## Task directions
Scan the following material for the string "first" and copy each line in which it appears.

*** Study material Section Begins ***

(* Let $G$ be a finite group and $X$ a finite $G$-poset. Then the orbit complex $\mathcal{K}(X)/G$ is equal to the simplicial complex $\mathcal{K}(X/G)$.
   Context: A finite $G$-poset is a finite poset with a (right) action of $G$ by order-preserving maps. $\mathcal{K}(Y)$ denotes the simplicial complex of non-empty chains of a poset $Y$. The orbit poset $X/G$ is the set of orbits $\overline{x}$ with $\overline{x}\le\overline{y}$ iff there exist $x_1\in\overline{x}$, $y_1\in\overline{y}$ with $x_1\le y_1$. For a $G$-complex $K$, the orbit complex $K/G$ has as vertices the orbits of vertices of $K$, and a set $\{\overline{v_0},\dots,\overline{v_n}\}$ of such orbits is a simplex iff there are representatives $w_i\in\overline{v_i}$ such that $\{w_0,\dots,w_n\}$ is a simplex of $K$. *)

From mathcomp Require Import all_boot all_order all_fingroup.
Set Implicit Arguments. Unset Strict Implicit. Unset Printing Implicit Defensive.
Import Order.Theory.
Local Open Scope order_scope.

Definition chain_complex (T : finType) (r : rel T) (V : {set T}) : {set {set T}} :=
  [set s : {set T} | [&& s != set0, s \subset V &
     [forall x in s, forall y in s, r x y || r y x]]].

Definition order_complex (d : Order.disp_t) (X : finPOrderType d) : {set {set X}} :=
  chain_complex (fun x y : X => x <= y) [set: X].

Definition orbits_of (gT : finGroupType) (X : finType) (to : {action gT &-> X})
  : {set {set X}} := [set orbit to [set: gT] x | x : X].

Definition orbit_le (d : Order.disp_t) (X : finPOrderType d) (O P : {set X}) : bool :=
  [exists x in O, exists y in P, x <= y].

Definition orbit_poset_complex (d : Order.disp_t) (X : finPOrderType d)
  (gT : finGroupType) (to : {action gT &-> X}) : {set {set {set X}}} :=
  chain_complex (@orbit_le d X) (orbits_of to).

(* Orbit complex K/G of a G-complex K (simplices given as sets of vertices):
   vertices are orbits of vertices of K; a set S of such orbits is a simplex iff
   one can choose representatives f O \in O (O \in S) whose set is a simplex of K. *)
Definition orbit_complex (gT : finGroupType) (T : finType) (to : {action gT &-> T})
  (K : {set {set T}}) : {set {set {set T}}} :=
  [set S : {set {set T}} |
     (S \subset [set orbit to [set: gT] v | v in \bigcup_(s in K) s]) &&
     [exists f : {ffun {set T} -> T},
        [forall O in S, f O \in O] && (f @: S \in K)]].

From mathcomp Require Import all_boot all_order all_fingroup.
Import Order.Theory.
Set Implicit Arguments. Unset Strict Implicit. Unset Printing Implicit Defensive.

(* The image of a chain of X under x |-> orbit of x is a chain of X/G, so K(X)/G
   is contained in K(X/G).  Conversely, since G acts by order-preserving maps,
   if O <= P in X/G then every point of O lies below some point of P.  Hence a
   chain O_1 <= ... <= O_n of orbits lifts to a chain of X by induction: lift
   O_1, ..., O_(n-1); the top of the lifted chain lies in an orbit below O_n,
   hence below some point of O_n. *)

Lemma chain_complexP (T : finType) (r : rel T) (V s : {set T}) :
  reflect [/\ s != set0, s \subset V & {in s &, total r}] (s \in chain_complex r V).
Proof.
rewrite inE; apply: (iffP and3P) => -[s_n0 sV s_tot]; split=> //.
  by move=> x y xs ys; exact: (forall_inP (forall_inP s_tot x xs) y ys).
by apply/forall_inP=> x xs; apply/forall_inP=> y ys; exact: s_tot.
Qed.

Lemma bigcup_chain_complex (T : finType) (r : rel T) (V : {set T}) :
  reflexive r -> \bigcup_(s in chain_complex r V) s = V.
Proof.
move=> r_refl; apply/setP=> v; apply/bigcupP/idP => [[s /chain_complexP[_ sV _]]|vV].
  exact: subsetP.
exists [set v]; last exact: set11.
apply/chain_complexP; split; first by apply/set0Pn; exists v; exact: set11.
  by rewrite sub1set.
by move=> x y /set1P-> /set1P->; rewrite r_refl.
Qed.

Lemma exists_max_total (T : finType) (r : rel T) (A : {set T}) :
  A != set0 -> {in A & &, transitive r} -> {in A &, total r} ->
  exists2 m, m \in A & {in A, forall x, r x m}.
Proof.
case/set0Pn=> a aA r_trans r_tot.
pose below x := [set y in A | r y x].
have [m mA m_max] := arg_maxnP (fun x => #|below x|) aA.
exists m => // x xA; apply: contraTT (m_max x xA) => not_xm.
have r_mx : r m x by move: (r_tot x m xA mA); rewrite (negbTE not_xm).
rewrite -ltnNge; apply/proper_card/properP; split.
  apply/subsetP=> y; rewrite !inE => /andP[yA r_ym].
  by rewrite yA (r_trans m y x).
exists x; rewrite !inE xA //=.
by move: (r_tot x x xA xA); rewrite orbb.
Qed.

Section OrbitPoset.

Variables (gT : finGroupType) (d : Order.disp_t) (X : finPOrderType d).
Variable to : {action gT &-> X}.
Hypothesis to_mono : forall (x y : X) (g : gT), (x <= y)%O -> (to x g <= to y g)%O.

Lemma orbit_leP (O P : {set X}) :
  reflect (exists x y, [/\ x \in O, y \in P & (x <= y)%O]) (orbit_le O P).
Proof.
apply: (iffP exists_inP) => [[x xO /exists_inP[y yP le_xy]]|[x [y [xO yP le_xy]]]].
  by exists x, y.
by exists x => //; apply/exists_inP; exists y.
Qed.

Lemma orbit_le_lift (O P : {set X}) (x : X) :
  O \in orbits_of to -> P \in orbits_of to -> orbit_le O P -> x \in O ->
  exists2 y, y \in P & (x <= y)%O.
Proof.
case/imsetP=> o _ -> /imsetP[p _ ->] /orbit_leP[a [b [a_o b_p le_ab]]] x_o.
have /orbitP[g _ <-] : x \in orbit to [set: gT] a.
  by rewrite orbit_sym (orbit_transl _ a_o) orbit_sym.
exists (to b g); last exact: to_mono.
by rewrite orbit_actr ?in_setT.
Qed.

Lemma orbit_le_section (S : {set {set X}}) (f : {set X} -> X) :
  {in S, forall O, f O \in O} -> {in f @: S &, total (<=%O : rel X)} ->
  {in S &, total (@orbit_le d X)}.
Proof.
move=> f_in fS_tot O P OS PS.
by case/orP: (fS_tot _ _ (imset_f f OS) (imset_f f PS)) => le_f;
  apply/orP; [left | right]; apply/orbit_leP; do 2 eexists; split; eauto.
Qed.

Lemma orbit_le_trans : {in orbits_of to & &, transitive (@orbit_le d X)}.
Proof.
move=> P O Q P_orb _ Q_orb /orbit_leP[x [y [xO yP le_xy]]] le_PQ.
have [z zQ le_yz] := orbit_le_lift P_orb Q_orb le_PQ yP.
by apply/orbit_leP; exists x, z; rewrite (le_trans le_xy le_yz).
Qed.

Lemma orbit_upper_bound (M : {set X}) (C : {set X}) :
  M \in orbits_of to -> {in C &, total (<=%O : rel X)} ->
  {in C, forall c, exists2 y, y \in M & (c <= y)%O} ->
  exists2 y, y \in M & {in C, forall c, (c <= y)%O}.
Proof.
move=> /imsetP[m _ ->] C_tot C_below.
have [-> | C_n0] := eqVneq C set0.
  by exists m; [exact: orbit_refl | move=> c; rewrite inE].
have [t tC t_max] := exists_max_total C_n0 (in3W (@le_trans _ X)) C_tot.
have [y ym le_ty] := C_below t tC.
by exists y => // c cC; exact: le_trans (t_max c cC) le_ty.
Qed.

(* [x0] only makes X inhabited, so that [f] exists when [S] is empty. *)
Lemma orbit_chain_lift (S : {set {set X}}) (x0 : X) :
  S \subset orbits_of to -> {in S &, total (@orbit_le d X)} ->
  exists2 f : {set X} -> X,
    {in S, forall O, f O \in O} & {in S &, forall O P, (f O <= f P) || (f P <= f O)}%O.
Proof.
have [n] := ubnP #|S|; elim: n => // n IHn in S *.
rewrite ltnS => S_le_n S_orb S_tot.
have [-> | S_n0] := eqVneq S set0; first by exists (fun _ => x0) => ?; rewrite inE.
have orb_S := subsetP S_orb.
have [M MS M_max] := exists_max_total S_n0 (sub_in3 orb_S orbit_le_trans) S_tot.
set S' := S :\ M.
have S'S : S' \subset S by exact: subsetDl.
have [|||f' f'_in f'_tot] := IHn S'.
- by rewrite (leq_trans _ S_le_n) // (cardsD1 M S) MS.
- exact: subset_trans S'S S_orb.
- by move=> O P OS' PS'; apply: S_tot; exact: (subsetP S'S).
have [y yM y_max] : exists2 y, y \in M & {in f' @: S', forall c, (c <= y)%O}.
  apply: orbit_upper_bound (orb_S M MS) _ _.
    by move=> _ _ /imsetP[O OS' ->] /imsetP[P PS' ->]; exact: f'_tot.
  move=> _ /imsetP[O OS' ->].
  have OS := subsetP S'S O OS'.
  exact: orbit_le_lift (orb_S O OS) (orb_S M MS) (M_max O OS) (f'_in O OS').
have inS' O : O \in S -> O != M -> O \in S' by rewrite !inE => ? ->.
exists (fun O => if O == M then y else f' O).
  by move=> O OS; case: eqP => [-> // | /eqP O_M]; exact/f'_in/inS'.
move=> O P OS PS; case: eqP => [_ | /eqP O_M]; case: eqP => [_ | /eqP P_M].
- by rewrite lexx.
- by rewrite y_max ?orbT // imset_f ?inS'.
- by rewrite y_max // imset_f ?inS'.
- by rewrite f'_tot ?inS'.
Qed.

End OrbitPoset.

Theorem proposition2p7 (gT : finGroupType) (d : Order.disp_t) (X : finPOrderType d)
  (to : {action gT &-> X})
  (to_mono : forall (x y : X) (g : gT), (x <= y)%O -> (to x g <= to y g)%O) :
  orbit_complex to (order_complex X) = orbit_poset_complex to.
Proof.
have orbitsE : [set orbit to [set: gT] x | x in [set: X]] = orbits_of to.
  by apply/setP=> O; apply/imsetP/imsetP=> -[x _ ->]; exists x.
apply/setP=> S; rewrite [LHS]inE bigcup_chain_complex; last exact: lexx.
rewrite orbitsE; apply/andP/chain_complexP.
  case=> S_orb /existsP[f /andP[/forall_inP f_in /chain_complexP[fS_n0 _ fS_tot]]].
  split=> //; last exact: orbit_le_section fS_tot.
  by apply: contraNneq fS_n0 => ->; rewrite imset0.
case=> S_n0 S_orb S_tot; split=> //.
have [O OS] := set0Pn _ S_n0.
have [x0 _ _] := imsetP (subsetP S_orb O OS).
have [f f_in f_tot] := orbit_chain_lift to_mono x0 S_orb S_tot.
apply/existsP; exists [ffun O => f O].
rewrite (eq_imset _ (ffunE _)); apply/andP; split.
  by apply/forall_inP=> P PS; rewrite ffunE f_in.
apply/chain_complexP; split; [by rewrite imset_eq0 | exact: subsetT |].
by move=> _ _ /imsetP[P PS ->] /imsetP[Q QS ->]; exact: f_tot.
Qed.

*** Study material Section Ends ***

## Task output
apply/chain_complexP; split; first by apply/set0Pn; exists v; exact: set11.
have [-> | S_n0] := eqVneq S set0; first by exists (fun _ => x0) => ?; rewrite inE.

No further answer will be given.